MQA is an impressive new file format that squeezes superior sound into less space

It’s not always easy being the audio guy at Mobile World Congress. Sometimes, inquiring about the audio side of all the phones, tablets, and other gear at the show can make you feel a bit like the only fish swimming upstream. But, rogues though we may be, there are still plenty of incredible audio innovations to be found in Barcelona each year. And this year — at the HTC booth, no less — I got to demo something that might well turn the world of hi-res audio on its head. It’s called MQA, and from what I heard at the show, it’s nearly magical.

A new way to render hi-res digital audio files, MQA (Master Quality Authenticated) makes files that are much smaller than today’s standard Hi-Res FLAC files. We weren’t given an exact number, but it looks like MQA will be about three times smaller than a comparable high-res FLAC file, meaning they’ll be pretty easy to take along. MQA was also born from a company with serious sonic pedigree, Meridian Audio, responsible for several important audio innovations, including MLP (Meridian Lossless Packing), which is how lossless audio is delivered in DVDs and Blu-rays.

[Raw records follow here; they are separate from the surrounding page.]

Lemma pre_schwarzian_eq (z : C) : in_disk z -> pre_schwarzian h g z = shear_pre_schwarzian a lam z.
Proof.
  intros Hz. unfold pre_schwarzian, shear_pre_schwarzian. cbv zeta.
  rewrite C_derive_C_derive_h, C_derive_dilatation, dilatation_eq by exact Hz.
  destruct (Hdil z Hz) as [Hh0 _].
  assert (Hden : RtoC (1 - Cmod (lam * z) ^ 2) <> 0%C).
  { pose proof (Cmod_RtoC_mult_lt_1 lam z Hlam Hz). pose proof (Cmod_ge_0 (lam * z)).
    intros E. injection E. nra. }
  rewrite Cmult_conj, Cconj_RtoC, RtoC_pow.
  replace (z ^ 2)%C with (z * z)%C by ring.
  field. repeat split; try assumption; [apply one_sub_lam_neq0 | apply one_sub_sqr_neq0]; exact Hz.
Qed.

End Shear.

(** * The norm bound *)

Lemma three_term_bound (lam r : R) : 0 <= lam < 1 -> 0 <= r < 1 ->
  2 * r + lam * (1 - r ^ 2) / (1 - lam * r) + lam ^ 2 * r <= 2 + lam + 2 * lam ^ 2.
Proof.
  intros Hlam Hr. assert (Hlr : 0 < 1 - lam * r) by nra.
  apply Rmult_le_reg_r with (1 - lam * r); [exact Hlr |].
  replace ((2 * r + lam * (1 - r ^ 2) / (1 - lam * r) + lam ^ 2 * r) * (1 - lam * r))
    with ((2 * r + lam ^ 2 * r) * (1 - lam * r) + lam * (1 - r ^ 2)) by (field; lra).
  (* The gap is (1 - r)(2 - 3 lam r + 2 lam^2 - lam^3 r) + lam r (1 - lam^2). *)
  assert (Hq : 0 <= 2 - 3 * lam * r + 2 * lam ^ 2 - lam ^ 3 * r).
  { assert (0 <= (1 - r) * (3 * lam + lam ^ 3)) by (apply Rmult_le_pos; nra).
    assert (0 <= (1 - lam) * (2 - lam + lam ^ 2)) by (apply Rmult_le_pos; nra).
    nra. }
  assert (0 <= (1 - r) * (2 - 3 * lam * r + 2 * lam ^ 2 - lam ^ 3 * r))
    by (apply Rmult_le_pos; lra).
  assert (0 <= lam * r * (1 - lam ^ 2)) by (repeat apply Rmult_le_pos; nra).
  nra.
Qed.

Lemma Cmod_shear_pre_schwarzian_le (a lam : R) (z : C) : 0 <= lam < 1 -> in_disk z ->
  Cmod (shear_pre_schwarzian a lam z)
  <= 2 * (Cmod z + Rabs a) / (1 - Cmod z ^ 2) + lam / (1 - lam * Cmod z)
     + lam ^ 2 * Cmod z / (1 - Cmod z ^ 2).
Proof.
  intros Hlam Hz. pose proof (Cmod_ge_0 z) as Hr0. pose proof Hz as Hr1. unfold in_disk in Hr1.
  assert (Hlz : Cmod (RtoC lam * z) = lam * Cmod z)
    by (rewrite Cmod_mult, Cmod_R, Rabs_right by lra; reflexivity).
  assert (Hr2 : 0 < 1 - Cmod z ^ 2) by nra.
  unfold shear_pre_schwarzian.
  eapply Rle_trans; [apply Cmod_sub_le |].
  eapply Rle_trans; [apply Rplus_le_compat_r, Cmod_triangle |].
  repeat apply Rplus_le_compat; apply Cmod_div_le.
  - rewrite Cmod_mult, Cmod_R, Rabs_right by lra. apply Rmult_le_compat_l; [lra |].
    rewrite <- (Cmod_R a). apply Cmod_triangle.
  - split; [exact Hr2 |]. replace (z ^ 2)%C with (z * z)%C by ring.
    eapply Rle_trans; [| apply Cmod_one_sub_ge]. rewrite Cmod_mult. lra.
  - rewrite Cmod_R, Rabs_right by lra. lra.
  - split; [nra |]. rewrite <- Hlz. apply Cmod_one_sub_ge.
  - rewrite Cmod_mult, Cmod_conj, Cmod_R, Rabs_right by (apply Rle_ge, pow2_ge_0). lra.
  - assert (Hlr : (lam * Cmod z) ^ 2 <= Cmod z ^ 2) by (apply pow_incr; nra).
    rewrite Cmod_R, Hlz, Rabs_right by lra. lra.
Qed.

Lemma shear_pre_schwarzian_weighted_le (a lam : R) (z : C) : 0 <= lam < 1 -> in_disk z ->
  Cmod (shear_pre_schwarzian a lam z) * (1 - Cmod z ^ 2) <= 2 * (1 + Rabs a) + 2 * lam ^ 2 + lam.
Proof.
  intros Hlam Hz. pose proof (Cmod_ge_0 z) as Hr0. pose proof Hz as Hr1. unfold in_disk in Hr1.
  set (r := Cmod z) in *. assert (Hr2 : 0 < 1 - r ^ 2) by nra.
  eapply Rle_trans.
  { apply Rmult_le_compat_r; [lra | exact (Cmod_shear_pre_schwarzian_le a lam z Hlam Hz)]. }
  fold r.
  replace ((2 * (r + Rabs a) / (1 - r ^ 2) + lam / (1 - lam * r) + lam ^ 2 * r / (1 - r ^ 2))
           * (1 - r ^ 2))
    with (2 * Rabs a + (2 * r + lam * (1 - r ^ 2) / (1 - lam * r) + lam ^ 2 * r)) by (field; nra).
  pose proof (three_term_bound lam r Hlam (conj Hr0 Hr1)). lra.
Qed.

Theorem theorem2p2 (a lam : R) (h g : C -> C) :
  0 <= lam < 1 ->
  analytic_on_disk h -> analytic_on_disk g ->
  h 0%C = 0%C -> g 0%C = 0%C ->
  (forall z : C, in_disk z -> (h z - g z)%C = k_fun a z) ->
  (forall z : C, in_disk z ->
     C_derive h z <> 0%C /\ (C_derive g z / C_derive h z)%C = (RtoC lam * z)%C) ->
  (forall z : C, in_disk z ->
     pre_schwarzian h g z =
       (2 * (z + RtoC a) / (1 - z ^ 2) + RtoC lam / (1 - RtoC lam * z)
        - RtoC (lam ^ 2) * Cconj z / RtoC (1 - (Cmod (RtoC lam * z)) ^ 2))%C)
  /\ Rbar_le (pre_schwarzian_norm h g) (2 * (1 + Rabs a) + 2 * lam ^ 2 + lam).
Proof.
  intros Hlam Hh Hg _ _ Hhg Hdil.
  assert (Hformula := pre_schwarzian_eq a lam h g Hlam Hh Hg Hhg Hdil).
  split; [exact Hformula |].
  apply (Lub_Rbar_correct _). intros x [z [Hz ->]]. simpl.
  rewrite Hformula by exact Hz. apply shear_pre_schwarzian_weighted_le; assumption.
Qed.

So yeah, they’re kind of a big deal.

This isn’t the first we’ve heard about MQA, but it is the first chance DT has gotten to hear the file format in the flesh, so to speak, loaded onto HTC’s A9 phone as a proof of concept. And even in the quick demo (from a mid-level smartphone,) the sound quality was pretty astonishing.

My contact for the demo, an HTC rep named Liviu Barbat, brought several tracks to audition, all of which were hosted in MP3 and MQA versions so I could make A/B comparisons.

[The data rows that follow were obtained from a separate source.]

(* For $n\ge2$, the group $VSPG_n$ is representable as the semi-direct product $VSPG_n=VS_{n-1}^*\rtimes VSPG_{n-1}=VS_{n-1}^*\rtimes\big(VS_{n-2}^*\rtimes(\cdots\rtimes(VS_2^*\rtimes VS_1^* )\cdots)\big)$, where $VS_{k-1}^*$, for $3\le k\le n$, are infinitely generated subgroups of $VSPG_n$, and $VS_1^*$ is a subgroup of rank $4$ (generated by $\mu_{12},\mu_{21},\gamma_{12},\gamma_{21}$).
   Context: $VSPG_n$ is the group generated by $\{\mu_{ij},\gamma_{ij}\mid 1\le i\ne j\le n\}$ with defining relations (distinct letters denote distinct indices): $\mu_{ij}\mu_{ik}\mu_{jk}=\mu_{jk}\mu_{ik}\mu_{ij}$; $\mu_{ij}\mu_{ik}\gamma_{jk}=\gamma_{jk}\mu_{ik}\mu_{ij}$; $\gamma_{ij}\mu_{ik}\mu_{jk}=\mu_{jk}\mu_{ik}\gamma_{ij}$; $\mu_{ij}\gamma_{ji}=\gamma_{ij}\mu_{ji}$; $\mu_{ij}\mu_{kl}=\mu_{kl}\mu_{ij}$, $\gamma_{ij}\gamma_{kl}=\gamma_{kl}\gamma_{ij}$, $\mu_{ij}\gamma_{kl}=\gamma_{kl}\mu_{ij}$ (the virtual singular pure braid group, i.e. the kernel of the permutation homomorphism on the virtual singular braid group $VSG_n$). For $k<n$, $VSPG_k$ is identified with the subgroup of $VSPG_n$ generated by $\mu_{ij},\gamma_{ij}$ with $i,j\le k$. For $2\le i\le n$, $VS_{i-1}$ is the subgroup generated by $\mu_{1i},\dots,\mu_{i-1,i},\mu_{i1},\dots,\mu_{i,i-1},\gamma_{1i},\dots,\gamma_{i-1,i},\gamma_{i1},\dots,\gamma_{i,i-1}$, and $VS_{i-1}^*$ is the normal closure of $VS_{i-1}$ in $VSPG_i$; $VSPG_2=VS_1=VS_1^*$. *)

(* The group VSPG_n is given by its presentation:
   elements are words over signed letters modulo the congruence generated by
   free cancellation and the defining relations of VSPG_n. *)
From mathcomp Require Import all_boot.
Set Implicit Arguments. Unset Strict Implicit. Unset Printing Implicit Defensive.

(* a letter (b, i, j): b = true is mu_ij, b = false is gamma_ij (indices 1-based) *)
Definition letter := (bool * nat * nat)%type.
(* a signed letter (e, x): e = true is x, e = false is x^-1 *)
Definition sletter := (bool * letter)%type.
Definition word := seq sletter.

I started with Daft Punk’s Doin It Right, and the MP3 version was as you’d expect: flat and boring, with all the right pieces in place, and none of the excitement of live audio. Then I tried the MQA version, and everything suddenly blossomed. The whole track was suddenly much easier to hear — not louder, exactly, but closer. Bass was bigger and fuller, reverberating through the back of the stereo channels, but without becoming overbearing. Cymbal sustains trailed on for days, and details sparkled much more readily.


Next I called up Dave Bruebeck’s Take Five — sure, I’ve heard it a million times, but that’s kind of the point here. Again, the difference between the two versions was startling — not only was the track again closer, more defined, and more full, but the sound also pulled out more of that dusty goodness from the original recording. It simply felt and sounded more real, more dimensional. And, wouldn’t ya know, that’s exactly what MQA’s press material advertises.

I got to demo something that might well turn the world of hi-res audio on its head. It’s called MQA, and from what I heard at the show, it’s nearly magical.

The tech behind the process is complex, even in laymen’s terms, but the official pitch claims the MQA process first cleans up the distortion and “blurring” that occurs when an analog track is converted into the digital realm, creating a “truly accurate 3D soundstage.” It then uses a compression process MQA playfully calls “musical origami” to “encapsulate” all of the extremely high frequency info — the stuff our ears don’t so much hear on a conscious level, but our bodies feel in a live performance, which can later be decoded by MQA-enabled devices.

The specially compressed files are actually delivered as standard lossless files, such as FLAC, AIFF, and WAV files, only they take up less space. The company says that, even on regular devices, MQA encoded files play at CD-quality, but on MQA-enabled devices “the full recording is unfolded to deliver the full performance.” Normally I’d write much of that off as marketing hyperbole, but this tech didn’t come from some unknown startup. And besides, your ears tell the story better than any marketing script ever could. The good news is that, essentially, any Android device can easily incorporate MQA-enabled technology.

By now you’re asking, “How the hell do I get these?” And that, of course, is the rub. For now, you can’t. HTC is thinking about acquiring the tech for its phones, but no decisions have been made yet. And even when they are, there’s still something of a shortage of traditional high-res tracks in comparison to CD and MP3 tracks at present. It’ll take MQA some time before the industry catches up.


That said, the company claims that all major labels and independents are currently vetting MQA, and it’s a good bet that even Sony, one of the “big three” major labels, will be interested as well — though there are complications involved there, since Sony has invested so much into building its infrastructure around the current hi-res format.

All that being said, MQA is the most exciting audio file format I’ve heard since the FLAC file was born. All audio lovers can hope for is that this information will get out and more people will get on board, because MQA truly is a revolutionary format; one that, I hope, will be available everywhere sooner than later.

Updated 3/2/2015: This article was updated to include the info that MQA files are delivered via standard file formats such as WAV or FLAC.